The entries that follow include a run beginning at the line with "total_weight R Ej etaW = 3 * (motif_count" and ending at the line with "have := estimate_bounds"; restate that run word for word and leave the rest out.

- Opening Delimiter -

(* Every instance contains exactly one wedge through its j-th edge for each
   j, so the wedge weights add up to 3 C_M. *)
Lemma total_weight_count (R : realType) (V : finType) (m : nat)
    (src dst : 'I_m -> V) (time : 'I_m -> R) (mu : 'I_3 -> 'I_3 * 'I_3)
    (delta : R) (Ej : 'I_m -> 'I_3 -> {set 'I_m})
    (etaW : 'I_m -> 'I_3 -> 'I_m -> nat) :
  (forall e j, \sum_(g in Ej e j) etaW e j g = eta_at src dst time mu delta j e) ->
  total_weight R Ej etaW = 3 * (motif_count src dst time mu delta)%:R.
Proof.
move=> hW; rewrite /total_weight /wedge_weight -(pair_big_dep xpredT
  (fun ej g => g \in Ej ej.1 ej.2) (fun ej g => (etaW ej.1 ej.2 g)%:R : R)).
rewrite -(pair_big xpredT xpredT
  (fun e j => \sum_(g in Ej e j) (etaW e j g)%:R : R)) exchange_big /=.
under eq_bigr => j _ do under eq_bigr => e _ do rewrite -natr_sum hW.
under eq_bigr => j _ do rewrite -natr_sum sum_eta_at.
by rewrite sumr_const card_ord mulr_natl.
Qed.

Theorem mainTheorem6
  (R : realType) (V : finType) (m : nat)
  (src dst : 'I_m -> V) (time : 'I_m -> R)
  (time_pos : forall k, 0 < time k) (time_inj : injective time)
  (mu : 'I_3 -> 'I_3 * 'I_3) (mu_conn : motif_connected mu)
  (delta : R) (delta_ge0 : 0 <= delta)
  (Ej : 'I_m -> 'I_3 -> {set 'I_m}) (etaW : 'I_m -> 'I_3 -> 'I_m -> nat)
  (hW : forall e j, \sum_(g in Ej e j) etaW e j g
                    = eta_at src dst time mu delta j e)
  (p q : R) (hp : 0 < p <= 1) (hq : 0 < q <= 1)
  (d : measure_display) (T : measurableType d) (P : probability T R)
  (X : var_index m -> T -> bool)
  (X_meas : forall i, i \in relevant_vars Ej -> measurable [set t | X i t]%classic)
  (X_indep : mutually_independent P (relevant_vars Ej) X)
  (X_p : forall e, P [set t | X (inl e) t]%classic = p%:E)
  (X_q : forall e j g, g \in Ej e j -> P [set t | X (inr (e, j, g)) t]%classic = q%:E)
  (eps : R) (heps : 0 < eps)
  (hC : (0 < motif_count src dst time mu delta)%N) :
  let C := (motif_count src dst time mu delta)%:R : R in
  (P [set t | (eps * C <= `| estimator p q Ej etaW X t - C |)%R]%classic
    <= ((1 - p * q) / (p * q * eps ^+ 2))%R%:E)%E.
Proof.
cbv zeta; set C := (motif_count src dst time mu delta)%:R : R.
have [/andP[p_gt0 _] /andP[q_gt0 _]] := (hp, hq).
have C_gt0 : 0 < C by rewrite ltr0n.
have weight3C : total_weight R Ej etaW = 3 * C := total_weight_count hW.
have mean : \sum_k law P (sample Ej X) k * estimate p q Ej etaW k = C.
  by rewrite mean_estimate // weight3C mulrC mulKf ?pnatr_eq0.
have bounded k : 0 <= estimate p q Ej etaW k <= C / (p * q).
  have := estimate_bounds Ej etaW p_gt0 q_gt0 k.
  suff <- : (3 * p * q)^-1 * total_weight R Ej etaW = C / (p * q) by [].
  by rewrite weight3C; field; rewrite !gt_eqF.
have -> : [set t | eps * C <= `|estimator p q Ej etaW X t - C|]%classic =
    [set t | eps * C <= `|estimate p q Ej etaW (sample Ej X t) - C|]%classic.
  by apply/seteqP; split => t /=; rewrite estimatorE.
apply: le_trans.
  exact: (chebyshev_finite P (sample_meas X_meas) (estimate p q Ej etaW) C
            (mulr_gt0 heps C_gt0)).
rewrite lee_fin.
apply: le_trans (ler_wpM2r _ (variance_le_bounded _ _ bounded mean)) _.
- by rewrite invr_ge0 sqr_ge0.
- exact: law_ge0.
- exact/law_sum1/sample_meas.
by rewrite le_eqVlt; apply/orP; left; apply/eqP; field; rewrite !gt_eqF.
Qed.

- Closing Delimiter -
- Opening Delimiter -

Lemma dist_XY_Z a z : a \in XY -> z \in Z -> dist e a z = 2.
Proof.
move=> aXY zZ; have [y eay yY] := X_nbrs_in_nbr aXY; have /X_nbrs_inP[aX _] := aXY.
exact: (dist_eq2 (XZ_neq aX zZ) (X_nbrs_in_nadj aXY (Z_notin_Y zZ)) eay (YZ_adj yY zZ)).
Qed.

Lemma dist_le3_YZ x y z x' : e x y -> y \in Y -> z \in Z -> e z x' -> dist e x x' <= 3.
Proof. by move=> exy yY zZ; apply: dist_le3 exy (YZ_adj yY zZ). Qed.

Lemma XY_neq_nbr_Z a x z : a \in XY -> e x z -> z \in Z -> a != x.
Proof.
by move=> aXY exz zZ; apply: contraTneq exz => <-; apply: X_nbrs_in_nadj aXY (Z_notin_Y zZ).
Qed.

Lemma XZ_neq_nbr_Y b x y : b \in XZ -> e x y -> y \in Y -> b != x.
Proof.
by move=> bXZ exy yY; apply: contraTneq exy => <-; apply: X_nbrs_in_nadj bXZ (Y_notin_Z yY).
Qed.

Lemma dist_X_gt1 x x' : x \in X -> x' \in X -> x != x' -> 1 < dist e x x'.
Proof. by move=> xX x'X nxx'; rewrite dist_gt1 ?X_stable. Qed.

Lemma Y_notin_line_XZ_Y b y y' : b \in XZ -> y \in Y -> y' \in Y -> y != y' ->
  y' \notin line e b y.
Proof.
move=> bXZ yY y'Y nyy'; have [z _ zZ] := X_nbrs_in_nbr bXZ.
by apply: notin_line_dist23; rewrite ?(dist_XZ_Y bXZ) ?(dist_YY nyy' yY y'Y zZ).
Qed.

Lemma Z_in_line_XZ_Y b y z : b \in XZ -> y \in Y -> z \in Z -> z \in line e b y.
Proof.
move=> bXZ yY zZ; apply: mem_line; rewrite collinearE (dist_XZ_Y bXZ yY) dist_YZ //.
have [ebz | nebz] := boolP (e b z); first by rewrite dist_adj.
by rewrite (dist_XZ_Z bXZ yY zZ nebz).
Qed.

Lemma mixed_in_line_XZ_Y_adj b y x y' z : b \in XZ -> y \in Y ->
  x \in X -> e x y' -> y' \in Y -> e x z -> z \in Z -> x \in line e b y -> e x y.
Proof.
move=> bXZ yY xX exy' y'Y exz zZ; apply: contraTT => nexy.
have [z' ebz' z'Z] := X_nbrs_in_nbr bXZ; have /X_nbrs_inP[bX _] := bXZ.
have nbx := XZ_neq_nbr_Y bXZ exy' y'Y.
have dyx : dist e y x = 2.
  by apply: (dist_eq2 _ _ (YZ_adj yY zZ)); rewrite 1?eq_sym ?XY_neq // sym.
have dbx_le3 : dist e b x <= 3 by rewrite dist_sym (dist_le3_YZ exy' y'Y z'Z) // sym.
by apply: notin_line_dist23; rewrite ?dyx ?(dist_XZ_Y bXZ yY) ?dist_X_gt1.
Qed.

- Closing Delimiter -

§ **Task output**
  total_weight R Ej etaW = 3 * (motif_count src dst time mu delta)%:R.
Proof.
move=> hW; rewrite /total_weight /wedge_weight -(pair_big_dep xpredT
  (fun ej g => g \in Ej ej.1 ej.2) (fun ej g => (etaW ej.1 ej.2 g)%:R : R)).
rewrite -(pair_big xpredT xpredT
  (fun e j => \sum_(g in Ej e j) (etaW e j g)%:R : R)) exchange_big /=.
under eq_bigr => j _ do under eq_bigr => e _ do rewrite -natr_sum hW.
under eq_bigr => j _ do rewrite -natr_sum sum_eta_at.
by rewrite sumr_const card_ord mulr_natl.
Qed.

Theorem mainTheorem6
  (R : realType) (V : finType) (m : nat)
  (src dst : 'I_m -> V) (time : 'I_m -> R)
  (time_pos : forall k, 0 < time k) (time_inj : injective time)
  (mu : 'I_3 -> 'I_3 * 'I_3) (mu_conn : motif_connected mu)
  (delta : R) (delta_ge0 : 0 <= delta)
  (Ej : 'I_m -> 'I_3 -> {set 'I_m}) (etaW : 'I_m -> 'I_3 -> 'I_m -> nat)
  (hW : forall e j, \sum_(g in Ej e j) etaW e j g
                    = eta_at src dst time mu delta j e)
  (p q : R) (hp : 0 < p <= 1) (hq : 0 < q <= 1)
  (d : measure_display) (T : measurableType d) (P : probability T R)
  (X : var_index m -> T -> bool)
  (X_meas : forall i, i \in relevant_vars Ej -> measurable [set t | X i t]%classic)
  (X_indep : mutually_independent P (relevant_vars Ej) X)
  (X_p : forall e, P [set t | X (inl e) t]%classic = p%:E)
  (X_q : forall e j g, g \in Ej e j -> P [set t | X (inr (e, j, g)) t]%classic = q%:E)
  (eps : R) (heps : 0 < eps)
  (hC : (0 < motif_count src dst time mu delta)%N) :
  let C := (motif_count src dst time mu delta)%:R : R in
  (P [set t | (eps * C <= `| estimator p q Ej etaW X t - C |)%R]%classic
    <= ((1 - p * q) / (p * q * eps ^+ 2))%R%:E)%E.
Proof.
cbv zeta; set C := (motif_count src dst time mu delta)%:R : R.
have [/andP[p_gt0 _] /andP[q_gt0 _]] := (hp, hq).
have C_gt0 : 0 < C by rewrite ltr0n.
have weight3C : total_weight R Ej etaW = 3 * C := total_weight_count hW.
have mean : \sum_k law P (sample Ej X) k * estimate p q Ej etaW k = C.
  by rewrite mean_estimate // weight3C mulrC mulKf ?pnatr_eq0.
have bounded k : 0 <= estimate p q Ej etaW k <= C / (p * q).
  have := estimate_bounds Ej etaW p_gt0 q_gt0 k.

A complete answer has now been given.